You haven’t mentioned anything positive that people can do about education in Paragraph 3. This means that you have a tough job in the conclusion, because there isn’t really anything to summarize. Even though you say that the people and government need to work together, you have only negative examples about individuals in Para 3.

Overall, you have some good writing skills. You don’t need to use tired old phrases (you can see more examples here and here.) Just leave them out. Your second para was very good, with a nice topic sentence, but your third para was weaker, and this caused some problems for your conclusion.

Ideas you could have covered:

  • Private clinics and hospitals vs government clinics
  • Private schools and universities vs government
  • Investment in education, investment in medicine
  • Basic healthcare vs advanced medical treatment
  • Government responsibility to provide healthcare or education – are education and healthcare a right?
  • Left-wing politics and right-wing choices -  capitalist and socialist philosophies.
  • Choice (mix of freemarket, entire freemarket) vs cradle-to-grave state care (welfare state)

Another possible approach might have been to have separate paragraphs for healthcare and education. The layout you choose doesn't matter that much –  it doesn't have to be a 3773 or a  35553 layout. The only requirement is that you have a clear central topic in each paragraph. (See the descriptors under Coherence and Cohesion again.)
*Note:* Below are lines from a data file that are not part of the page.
(* Let $0<\varepsilon_0\le1$, $N\ge1$, and for $m=1,\dots,N$ let $A_m$ be an $(h_{A_m},k_{A_m},\delta_{A_m},G_{A_m},\varepsilon_{A_m})$-expansion with coefficients $a_{A_m,l}$, $h_{A_m}\le l\le k_{A_m}$ (set $a_{A_m,l}=0$ outside this range). Then for every $n=1,\dots,N$: (i) $B_n=A_1+\cdots+A_n$ is an $(h_{B_n},k_{B_n},\delta_{B_n},G_{B_n},\varepsilon_{B_n})$-expansion with $h_{B_n}=\min_{m\le n}h_{A_m}$, $k_{B_n}=\min_{m\le n}k_{A_m}$, coefficients $b_{l,n}=\sum_{m=1}^n a_{A_m,l}$, $\delta_{B_n}=\min_{m\in\mathbb{K}_n}\delta_{A_m}\ \ (\ge\min_{1\le m\le n}\delta_{A_m})$ where $\mathbb{K}_n=\{m\le n: k_{A_m}=\min(k_{A_1},\dots,k_{A_n})\}$, $\varepsilon_{B_n}=\min(\varepsilon_{A_1},\dots,\varepsilon_{A_n})$, and $G_{B_n}=\sum_{1\le i\le n}\Big(G_{A_i}\varepsilon_{B_n}^{k_{A_i}+\delta_{A_i}-k_{B_n}-\delta_{B_n}}+\sum_{k_{B_n}<j\le k_{A_i}}|a_{A_i,j}|\varepsilon_{B_n}^{j-k_{B_n}-\delta_{B_n}}\Big)$. (ii) $C_n=A_1\times\cdots\times A_n$ is an $(h_{C_n},k_{C_n},\delta_{C_n},G_{C_n},\varepsilon_{C_n})$-expansion with $h_{C_n}=\sum_{m\le n}h_{A_m}$, $k_{C_n}=\min_{1\le l\le n}\big(k_{A_l}+\sum_{r\le n,r\ne l}h_{A_r}\big)$, coefficients $c_{r,n}=\sum_{l_1+\cdots+l_n=r,\ h_{A_i}\le l_i\le k_{A_i}}\prod_{i=1}^n a_{A_i,l_i}$, $\delta_{C_n}=\min_{m\in\mathbb{L}_n}\delta_{A_m}\ (\ge\min_{1\le m\le n}\delta_{A_m})$ where $\mathbb{L}_n=\{m\le n: k_{A_m}+\sum_{r\le n,r\ne m}h_{A_r}=k_{C_n}\}$, $\varepsilon_{C_n}=\min_{i\le n}\varepsilon_{A_i}$, and $G_{C_n}=\sum_{k_{C_n}<l_1+\cdots+l_n,\ h_{A_i}\le l_i\le k_{A_i}}\prod_{i=1}^n|a_{A_i,l_i}|\,\varepsilon_{C_n}^{l_1+\cdots+l_n-k_{C_n}-\delta_{C_n}}+\sum_{1\le j\le n}\prod_{1\le i\le n,i\ne j}\Big(\sum_{h_{A_i}\le l\le k_{A_i}}|a_{A_i,l}|\varepsilon_{C_n}^{l}+G_{A_i}\varepsilon_{C_n}^{k_{A_i}+\delta_{A_i}}\Big)G_{A_j}\varepsilon_{C_n}^{k_{A_j}+\delta_{A_j}-k_{C_n}-\delta_{C_n}}$. (iii) The parameters $\delta_{B_n},G_{B_n},\varepsilon_{B_n}$ and $\delta_{C_n},G_{C_n},\varepsilon_{C_n}$ are invariant under any permutation of the summands, respectively factors.
   Context: Let $0<\varepsilon_0\le1$. A function $A:(0,\varepsilon_0]\to\mathbb{R}$ is an $(h,k,\delta,G,\varepsilon_A)$-expansion with coefficients $a_h,\dots,a_k$ (integers $h\le k$, reals $a_l$, $\delta\in(0,1]$, $G\in(0,\infty)$, $\varepsilon_A\in(0,\varepsilon_0]$) if the remainder $o_A(\varepsilon):=A(\varepsilon)-\sum_{l=h}^k a_l\varepsilon^l$ satisfies $|o_A(\varepsilon)|\le G\varepsilon^{k+\delta}$ for $0<\varepsilon\le\varepsilon_A$. *)

From HB Require Import structures.
From mathcomp Require Import all_boot all_order all_algebra.
From mathcomp Require Import reals exp.
Set Implicit Arguments. Unset Strict Implicit. Unset Printing Implicit Defensive.
Import Order.TTheory GRing.Theory Num.Theory.
Local Open Scope ring_scope.

Definition idx (n : nat) : seq nat := iota 1 n.

Definition zrange (lo hi : int) : seq int :=
  if lo <= hi then [seq lo + (i%:Z) | i <- iota 0 `|hi - lo|.+1] else [::].

Section Params.
Context {R : realType}.

Definition zminl (f : nat -> int) (s : seq nat) : int :=
  \big[Num.min/f (head 0%N s)]_(m <- s) f m.
Definition rminl (f : nat -> R) (s : seq nat) : R :=
  \big[Num.min/f (head 0%N s)]_(m <- s) f m.

Definition pwz (x : R) (l : int) : R := powR x (l%:~R).

Definition is_expansion (eps0 : R) (A : R -> R) (h k : int) (c : int -> R)
    (delta G epsA : R) : Prop :=
  [/\ h <= k, 0 < delta <= 1, 0 < G, 0 < epsA <= eps0 &
      forall x : R, 0 < x <= epsA ->
        `|A x - \sum_(l <- zrange h k) c l * pwz x l| <= G * powR x (k%:~R + delta)].

Variables (h k : nat -> int) (a : nat -> int -> R) (d G ep : nat -> R).

Definition ext (m : nat) (l : int) : R :=
  if (h m <= l) && (l <= k m) then a m l else 0.

Definition hB (n : nat) : int := zminl h (idx n).
Definition kB (n : nat) : int := zminl k (idx n).
Definition bcoef (n : nat) (l : int) : R := \sum_(m <- idx n) ext m l.
Definition KB (n : nat) : seq nat := [seq m <- idx n | k m == kB n].
Definition dB (n : nat) : R := rminl d (KB n).
Definition eB (n : nat) : R := rminl ep (idx n).
Definition GB (n : nat) : R :=
  \sum_(i <- idx n)
    (G i * powR (eB n) ((k i)%:~R + d i - (kB n)%:~R - dB n)
     + \sum_(j <- zrange (kB n + 1) (k i))
         `|ext i j| * powR (eB n) (j%:~R - (kB n)%:~R - dB n)).

(* all multi-indices (l_1,...,l_n) with h i <= l_i <= k i, as functions on 1..n *)
Fixpoint box (n : nat) : seq (nat -> int) :=
  match n with
  | 0 => [:: fun _ => 0]
  | n'.+1 => [seq (fun i => if i == n'.+1 then j else l i)
               | l <- box n', j <- zrange (h n'.+1) (k n'.+1)]
  end.
Definition lsum (n : nat) (l : nat -> int) : int := \sum_(i <- idx n) l i.
Lemma reached_site n (j k : 'I_n) d : k <= d -> site j k \in reached j d.
Proof. by move=> le_kd; apply/reachedP; exists k. Qed.

Lemma reached_all n (j : 'I_n) d : n <= d.+1 -> reached j d = setT.
Proof.
move=> le_nd; apply/setP => x; rewrite in_setT; have [k <-] := site_onto j x.
by apply: reached_site; rewrite -ltnS (leq_trans (ltn_ord k)).
Qed.

Definition mark_visits n (j : 'I_n) (s d : nat) (fv : {ffun 'I_n -> option nat}) :
    {ffun 'I_n -> option nat} :=
  [ffun x => if fv x is Some s' then Some s'
             else if x \in reached j d then Some s else None].

Lemma visited_mark n (j : 'I_n) s d fv :
  visited (mark_visits j s d fv) = visited fv :|: reached j d.
Proof. by apply/setP => x; rewrite !inE ffunE; case: (fv x) => //=; rewrite inE; case: has. Qed.

Definition stop_index n (q occ : {set 'I_n}) (j : 'I_n) : nat :=
  find (fun k => (site j k \in q) && (site j k \notin occ)) (iota 0 n).

Lemma qstepE n (q occ : {set 'I_n}) fv (j : 'I_n) s (d := stop_index q occ j) :
  qstep q (occ, fv) (j, s) =
  (if d < n then site j d |: occ else occ, mark_visits j s d fv).
Proof. by congr pair; apply/ffunP => x; rewrite !ffunE inE. Qed.

(* The queues [q] compatible with state [st]: a visited site is occupied iff
   it is terminal, and [r] terminal sites are still unvisited. *)
Definition admissible n (st : qstate n) (r : nat) (q : {set 'I_n}) : bool :=
  (q :&: visited st.2 == st.1) && (#|q :\: visited st.2| == r).

Lemma admissible0 n (occ : {set 'I_n}) fv q : occ \subset visited fv ->
  admissible (occ, fv) 0 q = (q == occ).
Proof.
move=> occV; rewrite /admissible /= cards_eq0 setD_eq0.
apply/idP/eqP => [/andP[/eqP <- /setIidPl //] | ->].
by rewrite occV andbT; apply/eqP/setIidPl.
Qed.

Lemma stop_index_lt n (q occ : {set 'I_n}) fv (j : 'I_n) r :
  admissible (occ, fv) r.+1 q -> stop_index q occ j < n.
Proof.
case/andP => /= /eqP qV /eqP card_qV.
have /card_gt0P[x] : 0 < #|q :\: visited fv| by rewrite card_qV.
rewrite inE => /andP[xV xq]; have [k kx] := site_onto j x.
rewrite /stop_index -[n in _ < n](size_iota 0) -has_find; apply/hasP.
exists (val k); first by rewrite mem_iota ltn_ord.
by rewrite kx xq -qV inE (negbTE xV) andbF.
Qed.

Lemma stop_indexE n (q occ V : {set 'I_n}) (j k : 'I_n) : q :&: V = occ ->
  (stop_index q occ j == k) = ((q :\: V) :&: reached j k == [set site j k]).
Proof.
move=> qV; rewrite /stop_index.
have stopE l : (site j l \in q) && (site j l \notin occ) = (site j l \in q :\: V).
  by rewrite -qV !inE; case: (site j l \in q); case: (site j l \in V).
rewrite (eq_find stopE); apply/(find_iotaP _ (ltn_ord k))/eqP => [[kqV before_k] | qVW].
  apply/setP => x; rewrite in_setI in_set1.
  apply/andP/eqP => [[xqV /reachedP[l le_lk lx]] | ->]; last by rewrite kqV reached_site.
  move: xqV le_lk; rewrite -lx leq_eqVlt => xqV /orP[/eqP/val_inj-> // | lt_lk].
  by move: xqV; rewrite (negbTE (before_k _ lt_lk)).
split; first by have := set11 (site j k); rewrite -qVW inE => /andP[].
move=> l lt_lk; apply/negP => lqV.
have lt_ln : l < n := ltn_trans lt_lk (ltn_ord k).
have lW : site j l \in reached j k.
  by apply/reachedP; exists (Ordinal lt_ln) => //; exact: ltnW.
have : site j l \in [set site j k] by rewrite -qVW inE lqV lW.
rewrite in_set1 => /eqP/site_inj => /(_ lt_ln (ltn_ord k)) eq_lk.
by rewrite eq_lk ltnn in lt_lk.
Qed.

Lemma setIUr_split (T : finType) (q V W : {set T}) :
  q :&: (V :|: W) = (q :&: V) :|: ((q :\: V) :&: W).
Proof. by apply/setP => x; rewrite !inE; case: (x \in q); case: (x \in V). Qed.

Lemma occupied_step (T : finType) (q occ V W : {set T}) x0 :
  occ \subset V -> x0 \notin V ->
  (q :&: V == occ) && ((q :\: V) :&: W == [set x0]) = (q :&: (V :|: W) == x0 |: occ).
Proof.
move=> /subsetP occV x0V; apply/andP/eqP => [[/eqP qV /eqP qVW] | qVW].
  by rewrite setIUr_split qV qVW setUC.
have -> : q :&: V = (q :&: (V :|: W)) :&: V.
  by apply/setP => x; rewrite !inE; case: (x \in V); rewrite ?andbF ?andbT.
have -> : (q :\: V) :&: W = (q :&: (V :|: W)) :\: V.
  by apply/setP => x; rewrite !inE; case: (x \in V); rewrite ?andbF.
rewrite qVW; split; apply/eqP/setP => x; rewrite !inE.
  have [-> | _] := eqVneq x x0.
    by rewrite (negbTE x0V); apply/esym/negP => /occV; apply/negP.
  by case: (boolP (x \in occ)) => [/occV -> | _]; rewrite ?andbF.
have [-> | _] := eqVneq x x0; first by rewrite x0V.
by case: (boolP (x \in occ)) => [/occV -> | _]; rewrite ?andbF.
Qed.

Lemma card_unoccupied_step (T : finType) (q occ V W : {set T}) x0 :
  occ \subset V -> x0 \notin V -> x0 \in W -> q :&: (V :|: W) = x0 |: occ ->
  #|q :\: V| = #|q :\: (V :|: W)|.+1.
Proof.
move=> /subsetP occV x0V x0W qVW.
have x0q : x0 \in q by have := setU11 x0 occ; rewrite -qVW inE => /andP[].
suff -> : q :\: V = x0 |: (q :\: (V :|: W)) by rewrite cardsU1 !inE x0W orbT.
apply/setP => x; rewrite !inE.
have [-> | ne_x] := eqVneq x x0; first by rewrite x0q x0V.
case: (boolP (x \in W)) => xW; rewrite ?orbT ?orbF //=.
apply/negP => /andP[xV xq].
have : x \in q :&: (V :|: W) by rewrite !inE xq xW orbT.
by rewrite qVW !inE (negbTE ne_x) /= => /occV; rewrite (negbTE xV).
Qed.

Lemma admissible_step n (q occ : {set 'I_n}) fv (j k : 'I_n) s r :
  occ \subset visited fv ->
  admissible (occ, fv) r.+1 q && (stop_index q occ j == k) =
  (site j k \notin visited fv) && admissible (site j k |: occ, mark_visits j s k fv) r q.
Proof.
move=> occV; rewrite /admissible /= visited_mark.
set V := visited fv; set W := reached j k; set x0 := site j k.
have x0W : x0 \in W := reached_site j (leqnn k).
apply/idP/idP.
  case/andP => /andP[/eqP qV /eqP card_qV]; rewrite (stop_indexE j k qV) => qVW.
  have x0V : x0 \notin V.
    by have := set11 x0; rewrite -(eqP qVW) !inE => /andP[/andP[]].
  have qVW' : q :&: (V :|: W) = x0 |: occ.
    by apply/eqP; rewrite -occupied_step // qV eqxx.
  rewrite x0V qVW' eqxx /=; apply/eqP/succn_inj; rewrite -card_qV.
  exact/esym/(card_unoccupied_step occV x0V x0W qVW').
case/andP => x0V /andP[/eqP qVW /eqP card_qVW].
have /andP[/eqP qV qVW'] : (q :&: V == occ) && ((q :\: V) :&: W == [set x0]).
  by rewrite occupied_step // qVW.
rewrite qV (card_unoccupied_step occV x0V x0W qVW) -/V card_qVW.
by rewrite (stop_indexE j k qV) -/W -/x0 qVW' !eqxx.
Qed.

Section CompleteHomogeneous.

Variable R : comNzRingType.
Local Open Scope ring_scope.

Fixpoint hrec (k : nat) (xs : seq R) : R :=
  if xs is x :: xs' then \sum_(g < k.+1) x ^+ g * hrec (k - g)%N xs' else (k == 0)%:R.

(* The bound [K] on the exponents is irrelevant once it is at least [k]; this
   is what lets [hsym] unfold along its first variable. *)
Lemma hsum_bounded (K k : nat) (xs : seq R) : (k <= K)%N ->
  \sum_(e : {ffun 'I_(size xs) -> 'I_K.+1} | \sum_(j < size xs) (e j : nat) == k)
     \prod_(j < size xs) xs`_j ^+ e j = hrec k xs.
Proof.
elim: xs k => [|x xs IH] k le_kK /=.
  rewrite big_mkcond (big_pred1 [ffun _ => ord0]) => [|e]; last first.
    by apply/esym/eqP/ffunP => -[].
  by rewrite !big_ord0; case: k {le_kK}.
pose split_ff (e : {ffun 'I_(size xs).+1 -> 'I_K.+1}) := (e ord0, [ffun j => e (lift ord0 j)]).
pose join_ff (p : 'I_K.+1 * {ffun 'I_(size xs) -> 'I_K.+1}) :=
  [ffun j => if unlift ord0 j is Some j' then p.2 j' else p.1].
have join_ffK : cancel join_ff split_ff.
  move=> [g e]; rewrite /split_ff /join_ff /= ffunE unlift_none.
  by congr pair; apply/ffunP => j; rewrite !ffunE liftK.
have split_ffK : cancel split_ff join_ff.
  move=> e; apply/ffunP => j; rewrite /join_ff /split_ff ffunE /=.
  by case: unliftP => [j'|] ->; rewrite ?ffunE.
rewrite (reindex join_ff); last by apply: onW_bij; exists split_ff.
have sum_join p : \sum_(j < (size xs).+1) (join_ff p j : nat) =
                  (p.1 + \sum_(j < size xs) (p.2 j : nat))%N.
  rewrite big_ord_recl /join_ff ffunE unlift_none; congr addn.
  by apply: eq_bigr => j _; rewrite ffunE liftK.
have prod_join p : \prod_(j < (size xs).+1) (x :: xs)`_j ^+ join_ff p j =
                   x ^+ p.1 * \prod_(j < size xs) xs`_j ^+ p.2 j.
  rewrite big_ord_recl /join_ff ffunE unlift_none; congr (_ * _).
  by apply: eq_bigr => j _; rewrite ffunE liftK.
rewrite (eq_bigl _ _ (fun p => congr1 (eq_op^~ k) (sum_join p))).
rewrite (eq_bigr _ (fun p _ => prod_join p)) -(pair_big_dep xpredT
  (fun (g : 'I_K.+1) (e : {ffun 'I_(size xs) -> 'I_K.+1}) =>
     g + \sum_(j < size xs) (e j : nat) == k)%N
  (fun g e => x ^+ g * \prod_(j < size xs) xs`_j ^+ e j)) /=.
rewrite (eq_bigr (fun g : 'I_K.+1 => if (g <= k)%N then x ^+ g * hrec (k - g) xs else 0));
  last first.
  move=> g _; rewrite -big_distrr /=; case: leqP => [le_gk | lt_kg].
    rewrite -IH ?(leq_trans (leq_subr _ _)) //; congr (_ * _); apply: eq_bigl => e.
    by rewrite -[RHS](eqn_add2l g) subnKC.
  rewrite big_pred0 ?mulr0 // => e; apply/negbTE; rewrite neq_ltn.
  by rewrite (leq_trans lt_kg) ?leq_addr ?orbT.
by rewrite -big_mkcond /= (big_ord_narrow_leq le_kK).
Qed.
In fact, I would print out the descriptors and highlight all the criteria for Band 7 if that is what you are aiming at:


August 26, 2012
7:21 pm
Forum Posts: 3
Member Since:
August 24, 2012
4  Post ID 2266

Thanks you so much for the comments.Why is writing forum closing soon, where can I write essays and receive corrections?This forum helps a lot, hope I still have a chance to improve my writing from your comments.thanks.